A potential fly in the ointment? Amazon Web Services Inc. introduced the S3 Tables storage bucket to S3 that optimizes Iceberg performance on S3. It’s open to all query engines, but requires a new library that AWS has nonetheless open-sourced. Nonetheless, with providers such as AWS, Google Cloud and IBM Corp. placing their wagers on the lakehouse as the data pillar for AI, we have little doubt that Apache Iceberg will become the de facto data store for cloud AI and business intelligence services.
Data and AI governance. Last year we also jumped the gun in calling for both to converge.
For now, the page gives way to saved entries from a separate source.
(* On mixed graphs without directed cycles, the parameter $G\mapsto\mathrm{nd}(G)$ and the parameter $G\mapsto\mathrm{nd}(G^+)$ are incomparable (neither bounds the other), and likewise $G\mapsto\mathrm{cw}(G)$ and $G\mapsto\mathrm{cw}(G^+)$ are incomparable; here $\mathrm{nd}$ and $\mathrm{cw}$ denote neighborhood diversity and cliquewidth of the underlying undirected graph.
   Context: A mixed graph $G$ consists of a finite vertex set $V(G)$, a set $E(G)$ of undirected edges and a set $A(G)$ of directed arcs; it is simple and contains no directed cycle. The underlying undirected graph replaces every arc by an edge. The transitive closure $G^+$ is obtained by adding every arc $(u,v)$ such that $G$ has a directed path from $u$ to $v$, and removing any edge parallel to such an arc. For an undirected graph, $u,v$ have the same type if $N(u)\setminus\{v\}=N(v)\setminus\{u\}$ and neighborhood diversity is the number of types. A parameter $\alpha$ bounds $\beta$ if there is a computable $f$ with $\beta(G)\le f(\alpha(G))$ for all mixed graphs $G$ without directed cycles; two parameters are incomparable if neither bounds the other. *)

From Stdlib Require Import ClassicalEpsilon.
From mathcomp Require Import all_boot.

Set Implicit Arguments.
Unset Strict Implicit.
Unset Printing Implicit Defensive.

Record mixed_graph := MixedGraph {
  mg_n : nat;
  mg_E : rel 'I_mg_n;
  mg_A : rel 'I_mg_n
}.
Arguments mg_E : clear implicits.
Arguments mg_A : clear implicits.

Definition mixed_ok (G : mixed_graph) : Prop :=
  [/\ (forall u, ~~ mg_E G u u),
      (forall u v, mg_E G u v = mg_E G v u),
      (forall u, ~~ mg_A G u u),
      (forall u v, mg_E G u v -> ~~ mg_A G u v /\ ~~ mg_A G v u)
    & (* no directed cycle: no arc u->v with a directed path back from v to u *)
      (forall u v, mg_A G u v -> ~~ connect (mg_A G) v u)].

(* directed path of length >= 1 from u to v *)
Definition reach (G : mixed_graph) : rel 'I_(mg_n G) :=
  fun u v => [exists w, mg_A G u w && connect (mg_A G) w v].

Arguments reach : clear implicits.

Definition tclosure (G : mixed_graph) : mixed_graph :=
  @MixedGraph (mg_n G)
    (fun u v => [&& mg_E G u v, ~~ reach G u v & ~~ reach G v u])
    (reach G).

Definition underlying (G : mixed_graph) : rel 'I_(mg_n G) :=
  fun u v => [|| mg_E G u v, mg_A G u v | mg_A G v u].

Arguments underlying : clear implicits.

Definition same_type n (e : rel 'I_n) (u v : 'I_n) : bool :=
  [forall w, ((w != u) && (w != v)) ==> (e u w == e v w)].

Definition nd n (e : rel 'I_n) : nat :=
  #|[set [set v | same_type e u v] | u : 'I_n]|.

(* Cliquewidth via k-expressions.  Vertices of an expression are numbered
   0 .. cw_size t - 1 (leaves from left to right).                      *)
Inductive cwterm :=
| CVert of nat
| CUnion of cwterm & cwterm
| CRelab of nat & nat & cwterm
| CJoin of nat & nat & cwterm.

Fixpoint cw_size (t : cwterm) : nat :=
  match t with
  | CVert _ => 1
  | CUnion a b => cw_size a + cw_size b
  | CRelab _ _ a => cw_size a
  | CJoin _ _ a => cw_size a
  end.

Fixpoint cw_label (t : cwterm) (u : nat) : nat :=
  match t with
  | CVert i => i
  | CUnion a b => if u < cw_size a then cw_label a u else cw_label b (u - cw_size a)
  | CRelab i j a => let l := cw_label a u in if l == i then j else l
  | CJoin _ _ a => cw_label a u
  end.

Fixpoint cw_edge (t : cwterm) (u v : nat) : bool :=
  match t with
  | CVert _ => false
  | CUnion a b =>
      let na := cw_size a in
      if (u < na) && (v < na) then cw_edge a u v
      else if (na <= u) && (na <= v) then cw_edge b (u - na) (v - na)
      else false
  | CRelab _ _ a => cw_edge a u v
  | CJoin i j a =>
      cw_edge a u v ||
      ((u != v) &&
       (((cw_label a u == i) && (cw_label a v == j)) ||
        ((cw_label a u == j) && (cw_label a v == i))))
  end.

Fixpoint cw_ok (k : nat) (t : cwterm) : bool :=
  match t with
  | CVert i => i < k
  | CUnion a b => cw_ok k a && cw_ok k b
  | CRelab i j a => [&& i < k, j < k & cw_ok k a]
  | CJoin i j a => [&& i < k, j < k, i != j & cw_ok k a]
  end.

Definition cw_le n (e : rel 'I_n) (k : nat) : Prop :=
  n = 0 \/
  exists (t : cwterm) (f : 'I_n -> nat),
    [/\ cw_ok k t, cw_size t = n, injective f, (forall x, f x < n)
      & (forall x y, e x y = cw_edge t (f x) (f y))].

Definition decideb (P : Prop) : bool :=
  if excluded_middle_informative P then true else false.

(* cliquewidth: least k with cw_le e k (cw_le e n always holds, so the
   search range 0..n suffices) *)
Definition cw n (e : rel 'I_n) : nat :=
  find (fun k => decideb (cw_le e k)) (iota 0 n.+1).

Definition nd_param (G : mixed_graph) : nat := nd (underlying G).
Definition nd_plus_param (G : mixed_graph) : nat := nd (underlying (tclosure G)).
Definition cw_param (G : mixed_graph) : nat := cw (underlying G).
Definition cw_plus_param (G : mixed_graph) : nat := cw (underlying (tclosure G)).

Definition bounds (alpha beta : mixed_graph -> nat) : Prop :=
  exists f : nat -> nat, forall G, mixed_ok G -> beta G <= f (alpha G).

Definition incomparable (alpha beta : mixed_graph -> nat) : Prop :=
  ~ bounds alpha beta /\ ~ bounds beta alpha.

From mathcomp Require Import all_boot zify.
From Stdlib Require Import ClassicalEpsilon.

Set Implicit Arguments.
Unset Strict Implicit.
Unset Printing Implicit Defensive.

(* Both separations use two families of acyclic mixed graphs indexed by a
   pattern B, a relation on {0, ..., q}.  In the layered graph the arcs go from a
   middle layer to a left layer along B and from the left layer to a right layer
   along a matching, and edges fill in the remaining pairs, so the underlying
   graph is complete bipartite whatever B is, while in the closure the middle
   layer reaches the right layer exactly along B.  In the path graph the arcs
   form a directed Hamiltonian path, so the underlying graph of the closure is
   complete, while edges between the two halves of the path realise B.

   Taking B diagonal (resp. empty) makes one neighbourhood diversity at most 2
   and the other one large.  For cliquewidth we count: a k-expression can be
   normalised to a binary tree whose nodes record a join relation and a
   relabelling on k labels, so graphs of cliquewidth at most k on n vertices
   number at most 2^(O(k^2 n + n log n)), fewer than the 2^((q+1)^2) patterns;
   hence some pattern gives large cliquewidth on the side where B is visible,
   while the other side has cliquewidth at most 2. *)

(** * Neighbourhood diversity *)

Section NeighbourhoodDiversity.
Variables (n : nat) (e : rel 'I_n).

Lemma same_type_refl u : same_type e u u.
Proof. by apply/forallP=> w; apply/implyP. Qed.

Lemma same_type_sym u v : same_type e u v -> same_type e v u.
Proof.
move/forallP=> H; apply/forallP=> w; apply/implyP=> /andP[wv wu].
by have := implyP (H w); rewrite wu wv eq_sym => /(_ isT).
Qed.

Lemma nd_geq_of_inj m (h : 'I_m -> 'I_n) :
  (forall i j, same_type e (h i) (h j) -> i = j) -> m <= nd e.
Proof.
move=> hh; have inj : injective (fun i => [set v | same_type e (h i) v]).
  move=> i j E; apply: hh.
  have : h j \in [set v | same_type e (h j) v] by rewrite inE same_type_refl.
  by rewrite -E inE.
rewrite -[m]card_ord -cardsT -(card_imset _ inj); apply: subset_leq_card.
by apply/subsetP=> X /imsetP[i _ ->]; exact: imset_f.
Qed.

Hypothesis e_sym : forall u v, e u v = e v u.

Lemma same_type_trans u v w : same_type e u v -> same_type e v w -> same_type e u w.
Proof.
have stE x y z : same_type e x y -> z != x -> z != y -> e x z = e y z.
  by move/forallP/(_ z)=> /implyP H zx zy; apply/eqP/H; rewrite zx zy.
move=> uv vw; apply/forallP=> x; apply/implyP=> /andP[xu xw]; apply/eqP.
case: (eqVneq x v) => [xv|xv]; last by rewrite (stE _ _ _ uv) // (stE _ _ _ vw).
subst x; case: (eqVneq u w) => [<-|uw] //.
have [vu wu wv] : [/\ u != v, w != u & w != v] by rewrite !(eq_sym w) eq_sym.
by rewrite e_sym (stE _ _ _ vw vu uw) [e w u]e_sym (stE _ _ _ uv wu wv) e_sym.
Qed.

Lemma nd_leq_of_map c (g : 'I_n -> 'I_c) :
  (forall u v, g u = g v -> same_type e u v) -> nd e <= c.
Proof.
move=> hg; pose h (i : 'I_c) := [set v | [exists u, (g u == i) && same_type e u v]].
have classE u : [set v | same_type e u v] = h (g u).
  apply/setP=> v; rewrite !inE; apply/idP/existsP => [uv|[u' /andP[/eqP gu' u'v]]].
    by exists u; rewrite eqxx.
  exact: same_type_trans (same_type_sym (hg _ _ gu')) u'v.
apply: leq_trans (subset_leq_card (_ : _ \subset h @: [set: 'I_c])) _.
  by apply/subsetP=> X /imsetP[u _ ->]; rewrite classE imset_f ?inE.
by rewrite (leq_trans (leq_imset_card _ _)) // cardsT card_ord.
Qed.

End NeighbourhoodDiversity.

(** * Cliquewidth *)

Lemma decidebP (P : Prop) : reflect P (decideb P).
Proof. by rewrite /decideb; case: excluded_middle_informative => h; constructor. Qed.

Lemma cw_ok_leq k k' t : k <= k' -> cw_ok k t -> cw_ok k' t.
Proof.
move=> kk; elim: t => //= [i | a IHa b IHb | i j a IH | i j a IH].
- by move=> h; apply: leq_trans kk.
- by case/andP=> /IHa -> /IHb.
- by case/and3P=> ik jk /IH ->; rewrite (leq_trans ik kk) (leq_trans jk kk).
- by case/and4P=> ik jk -> /IH ->; rewrite (leq_trans ik kk) (leq_trans jk kk).
Qed.

Lemma cw_le_leq n (e : rel 'I_n) k k' : k <= k' -> cw_le e k -> cw_le e k'.
Proof.
move=> kk [n0|[t [f [ok ? ? ? ?]]]]; [by left | right].
by exists t, f; split => //; apply: cw_ok_leq ok.
Qed.

Lemma cw_le_of_cw_leq n (e : rel 'I_n) K : cw e <= K -> K <= n -> cw_le e K.
Proof.
rewrite /cw => cK Kn; set P := fun k => decideb (cw_le e k).
have [hP|] := boolP (has P (iota 0 n.+1)).
  have hlt : find P (iota 0 n.+1) < n.+1 by rewrite -{2}(size_iota 0 n.+1) -has_find.
  by have /decidebP := nth_find 0 hP; rewrite nth_iota ?add0n //; apply: cw_le_leq.
rewrite has_find -leqNgt size_iota => h.
by have := leq_trans h (leq_trans cK Kn); rewrite ltnn.
Qed.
Until now, both disciplines have been largely siloed. Concerns about data and model access, quality, security, bias and compliance have been handled by separate toolchains. As we’ll note in our outlook for the year ahead, these functions are parallel but often not identical. For instance, though bias has parallels regarding choices for what data is sampled and assumptions for how models are built, the tasks differ.
The same applies to managing quality of data and AI models, and the list goes on. The linkage comes with lineage – correlating which iterations of the model performed training or inference workloads on which corpuses of data. Databricks, with Unity Catalog, is one of the few that has started making baby steps to bridge the silos. As we’ll note in our outlook for the year ahead, we expect more to follow.
What’s happening with data in 2025?
This year will be the Renaissance of Data. But it won’t be a repeat of the 2010s that spawned furious startup activity, but rather, that enterprises will of necessity have to redirect attention to data now that some of the gen AI projects get beyond proof-of-concept stage.
For instance, data quality has been a persistent issue especially with analytics, but the consequences magnify with AI. Though there is a need for some technology innovation to fill the gaps, many of the building blocks and practice already exist. It will direct more attention to people and process.
The recent Databricks J round underscores this. Though the company’s intent for the funding was for making vested employees otherwise awaiting an initial public offering whole, the size of the raise reflects the market’s enthusiasm for a company that is not a pure-play AI player, but one that places data on an equal footing.
Simply stated, good models require good data, and AI governance depends on data governance. And, as we expect that RAG will initially be the more popular approach for enterprises to meld generative models to their needs (versus fine tuning), the spotlight will shine on data.
Though not all the technology building blocks are in place, many already are. Using AI to crawl and enrich metadata? Check. Automatically generate data pipelines? Check. Using regression analysis to flag data and model drift? Check. Using entity extraction to flag personally identifiable information or summarize the content of structured or unstructured data? Check. Applying machine learning to automate data quality resolution and data classification? Check. Applying knowledge graphs to RAG? You get the idea.
There are a few technology gaps that we expect will be addressed in 2025, including automating the correlation between data and model lineage, assessing the utility and provenance of unstructured data, and simplifying generation of vector embeddings. We expect in the coming year that bridging data file and model lineage will become commonplace with AI governance tools and services. And we’ll likely look to emerging approaches such as data observability to transform data quality practices from reactive to proactive.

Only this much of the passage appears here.